Lösen Impfungen Autismus aus? - Die "Affäre Wakefield"

Die „Autismus-Lüge“ ist wohl diejenige Geschichte, die für sich genommen den größten Anteil am Entstehen von Impfskepsis- und Impfgegnerschaft seit den 1990er Jahren hat. Deshalb hier etwas ausführlicher etwas zu den Hintergründen:

 

Gleich zu Anfang: Nein, es gibt keine Anhaltspunkte dafür, dass Impfungen Autismus auslösen. Gerade die Geschichte von der "Autismus-Lüge" hat viele Forschungen zu diesem Thema initiiert. Und die Ergebnisse sind sehr eindeutig – weiter unten Näheres dazu.

 

Die ganze Geschichte ist auch unter dem Titel „Affäre Wakefield“ bekannt.

 

Andrew Wakefield, damals gastroenterologischer Kinderarzt an einer Londoner Klinik, hat 1998 eine "Studie" im renommierten Wissenschaftsmagazin "The Lancet" veröffentlicht. Er stellte darin die These eines Zusammenhangs von MMR-Impfungen mit dem Entstehen von Autismus auf. Es wurde jedoch von mehreren Seiten aufgedeckt, dass diese „Studie“ auf manipulierten und gefälschten Daten beruhte und ihre Ergebnisse daher falsch waren.

 

Was steckte dahinter? Zum einen hielt Wakefield ein Patent für einen neuen Masern-Einzelimpfstoff, der durch die Verbreitung des MMR-Mehrfachimpfstoffs wertlos war. Zum anderen wurden Verbindungen von Wakefield zu Anwälten aufgedeckt, die nach Argumenten für Klagen gegen Arzneimittelhersteller wegen angeblicher Autismus-Risiken in Impfstoffen suchten. Die Klinik Wakefields erhielt aus dieser Quelle einen nennenswerten Geldbetrag, an Wakefield selbst ist rund eine halbe Million englische Pfund geflossen. [1]

 

„The Lancet“ zog die Veröffentlichung zurück, was es vorher noch nie gegeben hatte. [2] Die britische Gesundheitsbehörde führte eine Untersuchung durch, einen öffentlichen Prozess konnte Wakefield nur durch eine Anerkennung des Klagevorwurfs abwenden. Er verlor seine ärztliche Zulassung auf Lebenszeit. Die "Wakefield-Affäre" gilt als einer der größten Medizinskandale überhaupt – vor allem, wenn man sich, die inzwischen jahrzehntelang anhaltende Verunsicherung von Eltern, vor Augen hält.

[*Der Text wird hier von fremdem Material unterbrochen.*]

(* For every nonempty graph $G$, \[\hat r(\nu(G)K_2,G)\le \hat r(G,G),\qquad\text{and consequently}\qquad \hat r_\infty(G)\le \frac{\hat r(G,G)}{\nu(G)\,|E(G)|}.\]
   Context: All graphs are finite and simple; a graph is nonempty if it has at least one edge. $\nu(G)$ is the maximum size of a matching in $G$; $tK_2$ is a matching with $t$ edges. For graphs $F,G,H$, $F\to(G,H)$ means every red--blue coloring of $E(F)$ contains a red copy of $G$ or a blue copy of $H$, and $\hat r(G,H)=\min\{|E(F)|:F\to(G,H)\}$. For a nonempty graph $G$, $\hat r_\infty(G)=\lim_{t\to\infty}\frac{\hat r(tK_2,G)}{t\,|E(G)|}$ (this limit exists). *)

From Stdlib Require Import Reals.
From mathcomp Require Import all_boot.
From mathcomp Require Import boolp.

Set Implicit Arguments.
Unset Strict Implicit.
Unset Printing Implicit Defensive.

Record graph := Graph {
  vert : finType;
  adj : rel vert;
  adj_sym : symmetric adj;
  adj_irr : irreflexive adj }.

Definition edges (G : graph) : {set {set vert G}} :=
  [set A : {set vert G} | [exists x, exists y, adj x y && (A == [set x; y])]].

Definition nedges (G : graph) : nat := #|edges G|.

Definition is_matching (G : graph) (M : {set {set vert G}}) : bool :=
  (M \subset edges G) &&
  [forall e1 in M, forall e2 in M, (e1 != e2) ==> [disjoint e1 & e2]].

Definition nu (G : graph) : nat :=
  \max_(M : {set {set vert G}} | is_matching M) #|M|.

Definition tK2_adj (t : nat) : rel ('I_t * bool) :=
  fun u v => (u.1 == v.1) && (u.2 != v.2).

Lemma tK2_adj_sym t : symmetric (@tK2_adj t).
Proof.
move=> [i b] [j c]; rewrite /tK2_adj /=.
by rewrite (eq_sym i j) (eq_sym b c).
Qed.

Lemma tK2_adj_irr t : irreflexive (@tK2_adj t).
Proof. by move=> [i b]; rewrite /tK2_adj /= !eqxx. Qed.

Definition tK2 (t : nat) : graph := Graph (@tK2_adj_sym t) (@tK2_adj_irr t).

Definition has_copy (F H : graph) (col : {set vert F} -> bool) : Prop :=
  exists f : vert H -> vert F, injective f /\
    forall x y, adj x y -> adj (f x) (f y) /\ col [set f x; f y].

(* F -> (G, H): every red/blue colouring of E(F) (red = true) has a red G or a blue H. *)
Definition arrows (F G H : graph) : Prop :=
  forall c : {set vert F} -> bool,
    has_copy G (fun e => c e) \/ has_copy H (fun e => ~~ c e).

(* Size Ramsey number  r^(G,H) = min { |E(F)| : F -> (G,H) }
   (the set is always nonempty; the default 0 is never used). *)
Definition srn_pred (G H : graph) : pred nat :=
  fun m => `[< exists F : graph, arrows F G H /\ nedges F = m >].

Definition srn (G H : graph) : nat :=
  match pselect (exists m, srn_pred G H m) with
  | left h => ex_minn h
  | right _ => 0
  end.

(* The sequence  t |-> r^(tK_2, G) / (t |E(G)|)  whose limit is r^_oo(G). *)
Definition rinf_seq (G : graph) (t : nat) : R :=
  Rdiv (INR (srn (tK2 t) G)) (Rmult (INR t) (INR (nedges G))).

(** Colour the edges of the disjoint union [k F] of [k] copies of an optimal
    Ramsey graph [F -> (G, G)] (one exists by Ramsey's theorem).  Either some
    copy carries a blue [G], or every copy carries a red [G], hence a red
    [nu(G) K_2]; together these give a red [k nu(G) K_2].  So
    [r^(k nu(G) K_2, G) <= k r^(G, G)] for every [k], and the limit defining
    [r^_oo(G)] is bounded along the subsequence [t = k nu(G)]. *)

From Stdlib Require Import Reals Lra.
From mathcomp Require Import all_boot boolp zify.

Set Implicit Arguments.
Unset Strict Implicit.
Unset Printing Implicit Defensive.

Section Ramsey.
Variables (V : finType) (col : V -> V -> bool).
Hypothesis col_sym : symmetric col.

Definition monochromatic (b : bool) (S : {set V}) :=
  {in S &, forall x y, x != y -> col x y = b}.

Definition has_monochromatic_set s t (W : {set V}) :=
  exists2 S : {set V}, S \subset W &
    (s <= #|S| /\ monochromatic true S) \/ (t <= #|S| /\ monochromatic false S).

Lemma monochromatic_extend (W S : {set V}) v b :
  v \in W -> S \subset [set w in W :\ v | col v w == b] -> monochromatic b S ->
  [/\ v |: S \subset W, #|v |: S| = #|S|.+1 & monochromatic b (v |: S)].
Proof.
move=> vW /subsetP SN monoS.
have colv y : y \in S -> col v y = b by move/SN; rewrite !inE => /andP[_ /eqP].
split.
- rewrite subUset sub1set vW; apply/subsetP => y /SN.
  by rewrite !inE => /andP[/andP[]].
- by rewrite cardsU1; case: (boolP (v \in S)) => // /SN; rewrite !inE eqxx.
- move=> x y; rewrite !in_setU1 => /predU1P[-> | xS] /predU1P[-> | yS];
    rewrite ?eqxx //.
  + by move=> _; exact: colv.
  + by move=> _; rewrite col_sym; exact: colv.
  + exact: monoS.
Qed.

Lemma ramsey s t (W : {set V}) :
  'C(s + t, s) <= #|W| -> has_monochromatic_set s t W.
Proof.
elim: s t W => [|s IHs] t W hW.
  by exists set0; [exact: sub0set | left; split => // x y; rewrite inE].
elim: t W hW => [|t IHt] W hW.
  by exists set0; [exact: sub0set | right; split => // x y; rewrite inE].
have [v vW] : exists v, v \in W.
  by apply/card_gt0P; apply: leq_trans hW; rewrite bin_gt0 leq_addr.
pose N b := [set w in W :\ v | col v w == b].
have NW b : N b \subset W by apply/subsetP => w; rewrite !inE => /andP[/andP[]].
have cardW : #|W| = (#|N true| + #|N false|).+1.
  rewrite (cardsD1 v W) vW add1n; congr _.+1.
  rewrite -(cardsID [set w | col v w] (W :\ v)); congr (_ + _).
    by apply: eq_card => w; rewrite !inE eqb_id andbC.
  by apply: eq_card => w; rewrite !inE eqbF_neg andbC.
have [hR | hB] : 'C(s + t.+1, s) <= #|N true| \/ 'C(s.+1 + t, s.+1) <= #|N false|.
  by rewrite [s.+1 + t]addSn -addnS; move: hW; rewrite cardW addSn binS; lia.
- have [S SN [[hs monoS] | ht]] := IHs _ _ hR; last first.
    by exists S => //; [exact: subset_trans SN (NW _) | right].
  have [sub card mono] := monochromatic_extend vW SN monoS.
  by exists (v |: S) => //; left; rewrite card.
- have [S SN [hs | [ht monoS]]] := IHt _ hB.
    by exists S => //; [exact: subset_trans SN (NW _) | left].
  have [sub card mono] := monochromatic_extend vW SN monoS.
  by exists (v |: S) => //; right; rewrite card.
Qed.

End Ramsey.

Lemma adj_neq (G : graph) (x y : vert G) : adj x y -> x != y.
Proof. by apply: contraTneq => ->; rewrite adj_irr. Qed.

Lemma has_copy_trans (H G F : graph) (col : {set vert F} -> bool) :
  has_copy H (fun _ : {set vert G} => true) -> has_copy G col -> has_copy H col.
Proof.
move=> [g [g_inj gadj]] [f [f_inj fadj]].
exists (f \o g); split; first exact: inj_comp.
by move=> x y /gadj[/fadj].
Qed.

Lemma clique_copy (H F : graph) (col : {set vert F} -> bool) (S : {set vert F}) :
  #|vert H| <= #|S| ->
  {in S &, forall x y, x != y -> adj x y && col [set x; y]} ->
  has_copy H col.
Proof.
move=> HS cliqueS.
pose f x := enum_val (A := mem S) (widen_ord HS (enum_rank x)).
have f_inj : injective f.
  by move=> x y /enum_val_inj /(congr1 val) /= /val_inj; exact: enum_rank_inj.
exists f; split => // x y /adj_neq xy.
have fxy : f x != f y by apply: contra xy => /eqP /f_inj ->.
by have /andP[] := cliqueS _ _ (enum_valP _) (enum_valP _) fxy.
Qed.

Definition complete_adj (N : nat) : rel 'I_N := fun x y => x != y.

Lemma complete_adj_sym N : symmetric (@complete_adj N).
Proof. by move=> x y; rewrite /complete_adj eq_sym. Qed.

Lemma complete_adj_irr N : irreflexive (@complete_adj N).
Proof. by move=> x; rewrite /complete_adj eqxx. Qed.

Definition complete (N : nat) : graph :=
  Graph (@complete_adj_sym N) (@complete_adj_irr N).

Lemma complete_arrows (G : graph) :
  let n := #|vert G| in arrows (complete 'C(n + n, n)) G G.
Proof.
move=> n c; pose col x y := c [set x; y].
have col_sym : symmetric col by move=> x y; rewrite /col setUC.
have [|S _ [[nS monoS] | [nS monoS]]] := @ramsey _ col col_sym n n [set: _].
- by rewrite cardsT card_ord.
- left; apply: (clique_copy nS) => x y xS yS xy.
  by rewrite [adj _ _]xy; exact: monoS.
- right; apply: (clique_copy nS) => x y xS yS xy.
  by rewrite [adj _ _]xy; apply/negbT; exact: monoS.
Qed.

Lemma exists_arrows (G : graph) : exists F, arrows F G G.
Proof. by eexists; exact: complete_arrows. Qed.

Lemma srn_attained (G H : graph) :
  (exists F, arrows F G H) -> exists F, arrows F G H /\ nedges F = srn G H.
Proof.
move=> [F0 F0GH]; rewrite /srn; case: pselect => [ex | nex].
  by case: ex_minnP => m /asboolP [F [FGH <-]] _; exists F.
by case: nex; exists (nedges F0); apply/asboolP; exists F0.
Qed.

Lemma srn_le (G H F : graph) : arrows F G H -> srn G H <= nedges F.
Proof.
move=> FGH; rewrite /srn; case: pselect => // ex.
by case: ex_minnP => m _; apply; apply/asboolP; exists F.
Qed.

Lemma max_matching_exists (G : graph) :
  exists2 M : {set {set vert G}}, is_matching M & #|M| = nu G.
Proof.
have [|M Mm maxM] := @eq_bigmax_cond _ (@is_matching G) (fun M => #|M|).
  apply/card_gt0P; exists set0.
  by rewrite unfold_in /is_matching sub0set; apply/forall_inP => e; rewrite inE.
by exists M; rewrite // -maxM.
Qed.

Lemma nu_gt0 (G : graph) : 0 < nedges G -> 0 < nu G.
Proof.
case/card_gt0P => e eG; rewrite -(cards1 e).
apply: (@leq_bigmax_cond _ (@is_matching G) (fun M => #|M|)).
rewrite /is_matching sub1set eG.
by apply/forall_inP => e1 /set1P -> ; apply/forall_inP => e2 /set1P ->; rewrite eqxx.
Qed.

Lemma matching_copy (G : graph) (M : {set {set vert G}}) :
  is_matching M -> has_copy (tK2 #|M|) (fun _ : {set vert G} => true).
Proof.
case/andP => /subsetP ME /forall_inP Mdisj.
pose e r := enum_val (A := mem M) r.
have eM r : e r \in M by exact: enum_valP.
have [p hp] : {p : 'I_#|M| -> vert G * vert G &
    forall r, adj (p r).1 (p r).2 && (e r == [set (p r).1; (p r).2])}.
  apply: (choice (P := fun r q => adj q.1 q.2 && (e r == [set q.1; q.2]))) => r.
  have := ME _ (eM r); rewrite inE.
  by case/existsP => x /existsP[y xy]; exists (x, y).
pose g (rb : 'I_#|M| * bool) := if rb.2 then (p rb.1).1 else (p rb.1).2.
have g_mem r b : g (r, b) \in e r.
  by have /andP[_ /eqP ->] := hp r; rewrite /g; case: b; rewrite !inE eqxx ?orbT.
have g_adj r b : adj (g (r, b)) (g (r, ~~ b)).
  by have /andP[pr _] := hp r; rewrite /g; case: b => //=; rewrite adj_sym.
exists g; split => [[r b] [r' b'] gE | [r b] [r' b'] /andP[/= /eqP <- bb']].
  have rr' : r = r'.
    apply/eqP; apply: contraT => rr'.
    have err' : e r != e r' by apply: contra rr' => /eqP /enum_val_inj ->.
    have := implyP (forall_inP (Mdisj _ (eM r)) _ (eM r')) err'.
    by move/disjointFr/(_ (g_mem r b)); rewrite gE g_mem.
  subst r'; case: (eqVneq b b') => [-> // | bb'].
  have b'E : b' = ~~ b by case: b b' bb' gE => [] [].
  by have := g_adj r b; rewrite -b'E -gE adj_irr.
have -> : b' = ~~ b by case: b b' bb' => [] [].
by split; first exact: g_adj.
Qed.

Section DisjointCopies.
Variables (k : nat) (F : graph).

Definition copies_adj : rel ('I_k * vert F) :=
  fun p q => (p.1 == q.1) && adj p.2 q.2.

Lemma copies_adj_sym : symmetric copies_adj.
Proof. by move=> [i u] [j v]; rewrite /copies_adj /= eq_sym adj_sym. Qed.

Lemma copies_adj_irr : irreflexive copies_adj.
Proof. by move=> [i u]; rewrite /copies_adj /= adj_irr andbF. Qed.

Definition copies : graph := Graph copies_adj_sym copies_adj_irr.

Definition layer (q : 'I_k) (e : {set vert F}) : {set vert copies} :=
  [set (q, x) | x in e].

Lemma layer_pair q x y : layer q [set x; y] = [set (q, x); (q, y)].
Proof. by rewrite /layer imsetU1 imset_set1. Qed.

Lemma nedges_copies : nedges copies <= k * nedges F.
Proof.
pose layer_edge (p : 'I_k * {set vert F}) := layer p.1 p.2.
have sub : edges copies \subset layer_edge @: setX [set: 'I_k] (edges F).
  apply/subsetP => A; rewrite inE => /existsP[[i x] /existsP[[j y]]].
  case/andP => /andP[/= /eqP <- xy] /eqP ->.
  apply/imsetP; exists (i, [set x; y]); last by rewrite /layer_edge layer_pair.
  by rewrite !inE /=; apply/existsP; exists x; apply/existsP; exists y; rewrite xy eqxx.
apply: leq_trans (subset_leq_card sub) _.
by apply: leq_trans (leq_imset_card _ _) _; rewrite cardsX cardsT card_ord.
Qed.

Lemma layer_copy (H : graph) (col : {set vert copies} -> bool) q :
  has_copy H (fun e => col (layer q e)) -> has_copy H col.
Proof.
move=> [f [f_inj fadj]]; exists (fun x => (q, f x)); split.
  by move=> x y [] /f_inj.
by move=> x y /fadj[xy cxy]; rewrite /= /copies_adj /= eqxx xy -layer_pair.
Qed.

Lemma matching_copies m (col : {set vert copies} -> bool) :
  (forall q, has_copy (tK2 m) (fun e => col (layer q e))) ->
  has_copy (tK2 (k * m)) col.
Proof.
move=> /choice[f fP].
have card_pairs : #|{: 'I_k * 'I_m}| = k * m by rewrite card_prod !card_ord.
pose h i : 'I_k * 'I_m := enum_val (cast_ord (esym card_pairs) i).
have h_inj : injective h by move=> i j /enum_val_inj /cast_ord_inj.
exists (fun ib : 'I_(k * m) * bool => ((h ib.1).1, f (h ib.1).1 ((h ib.1).2, ib.2))).
split => [[i b] [j b'] /= [eq1] | [i b] [j b'] /andP[/= /eqP <- bb']].
  rewrite -eq1 => /(proj1 (fP _)) [eq2 ->]; congr (_, _); apply: h_inj.
  by rewrite [h i]surjective_pairing [h j]surjective_pairing eq1 eq2.
have /(proj2 (fP (h i).1)) [adj_f col_f] : @adj (tK2 m) ((h i).2, b) ((h i).2, b').
  by rewrite /= /tK2_adj /= eqxx.
by rewrite /= /copies_adj /= eqxx adj_f -layer_pair.
Qed.

End DisjointCopies.

Lemma copies_arrows (k : nat) (F G : graph) :
  arrows F G G -> arrows (copies k F) (tK2 (k * nu G)) G.
Proof.
move=> FGG c.
have [[q blue] | no_blue] := pselect (exists q, has_copy G (fun e => ~~ c (layer q e))).
  by right; exact: layer_copy blue.
left; apply: matching_copies => q.
have [M Mm <-] := max_matching_exists G.
apply: has_copy_trans (matching_copy Mm) _.
by case: (FGG (fun e => c (layer q e))) => // blue; case: no_blue; exists q.
Qed.

Lemma srn_matching_mul (G : graph) k : srn (tK2 (k * nu G)) G <= k * srn G G.
Proof.
have [F [FGG <-]] := srn_attained (exists_arrows G).
exact: leq_trans (srn_le (copies_arrows FGG)) (nedges_copies k F).
Qed.

Section RealBounds.
Local Open Scope R_scope.

Lemma Un_cv_le_along_multiples (u : nat -> R) (L c : R) m :
  (0 < m)%N -> Un_cv u L -> (forall k, (0 < k)%N -> u (k * m)%N <= c) -> L <= c.
Proof.
move=> m_gt0 uL u_le; apply: Rnot_lt_le => cL.
have [N hN] := uL (L - c) ltac:(lra).
have N_le : (N <= N.+1 * m)%N by nia.
have /Rabs_def2[_] := hN _ (leP N_le).
by have := u_le N.+1 isT; lra.
Qed.

Lemma rinf_seq_matching_le (G : graph) k : (0 < k)%N -> (0 < nedges G)%N ->
  rinf_seq G (k * nu G)%N <= INR (srn G G) / (INR (nu G) * INR (nedges G)).
Proof.
move=> k_gt0 /[dup] /nu_gt0 nu_gt0 e_gt0.
have pos n : (0 < n)%N -> 0 < INR n by move=> ?; apply/lt_0_INR/ltP.
rewrite /rinf_seq mult_INR.
apply: Rle_trans (_ : _ <= INR (k * srn G G) / (INR k * INR (nu G) * INR (nedges G))) _.
  apply: Rmult_le_compat_r; last exact/le_INR/leP/srn_matching_mul.
  apply/Rlt_le/Rinv_0_lt_compat/Rmult_lt_0_compat; last exact: pos.
  by apply: Rmult_lt_0_compat; exact: pos.
rewrite mult_INR; apply: Req_le; field.
by split; [|split]; apply: Rgt_not_eq; exact: pos.
Qed.

End RealBounds.

Theorem proposition4p1 (G : graph) :
  0 < nedges G ->
  srn (tK2 (nu G)) G <= srn G G /\
  (forall L : R, Un_cv (rinf_seq G) L ->
     Rle L (Rdiv (INR (srn G G)) (Rmult (INR (nu G)) (INR (nedges G))))).
Proof.
move=> e_gt0; split.
  by have := srn_matching_mul G 1; rewrite !mul1n.
move=> L uL; apply: (Un_cv_le_along_multiples (nu_gt0 e_gt0) uL) => k k_gt0.
exact: rinf_seq_matching_le.
Qed.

Die ethische Dimension wird auch daran deutlich, dass viele Eltern nach wie vor mit Selbstvorwürfen leben, womöglich ihr autistisches Kind durch Impfungen geschädigt zu haben.

 

Wakefield übersiedelte in die USA und fand sofort Anschluß an die dortige Impfgegnerszene, der er als Aushängeschild dient. [3] Er tritt nun als „Filmregisseur“ in Erscheinung und versucht weltweit seinen Kinofilm „Vaxxed“ zu vermarkten, in dem er seine alte These mittels einer unhaltbaren und inzwischen widerlegten Verschwörungstheorie erneut propagiert. [4]

 

Von dieser Geschichte zu wissen, ist wichtig – sie ist aber natürlich noch keine Antwort auf die Frage, ob aus wissenschaftlicher Sicht Impfungen Autismus auslösen können oder nicht.

 

Es gibt jedoch inzwischen etliche Studien, die keinen Zusammenhang zwischen Autismus und Impfen feststellen konnten. Die umfassendste Betrachtung dazu [5] stammt von der Cochrane Collaboration, einer unabhängigen, international tätigen Institution zur Bewertung medizinisch-wissenschaftlicher Ergebnisse, mit einem klaren Resultat. Auf der Basis von 1,5 Millionen ausgewerteten Impfungen: es besteht KEIN Zusammenhang zwischen Impfungen und Autismus.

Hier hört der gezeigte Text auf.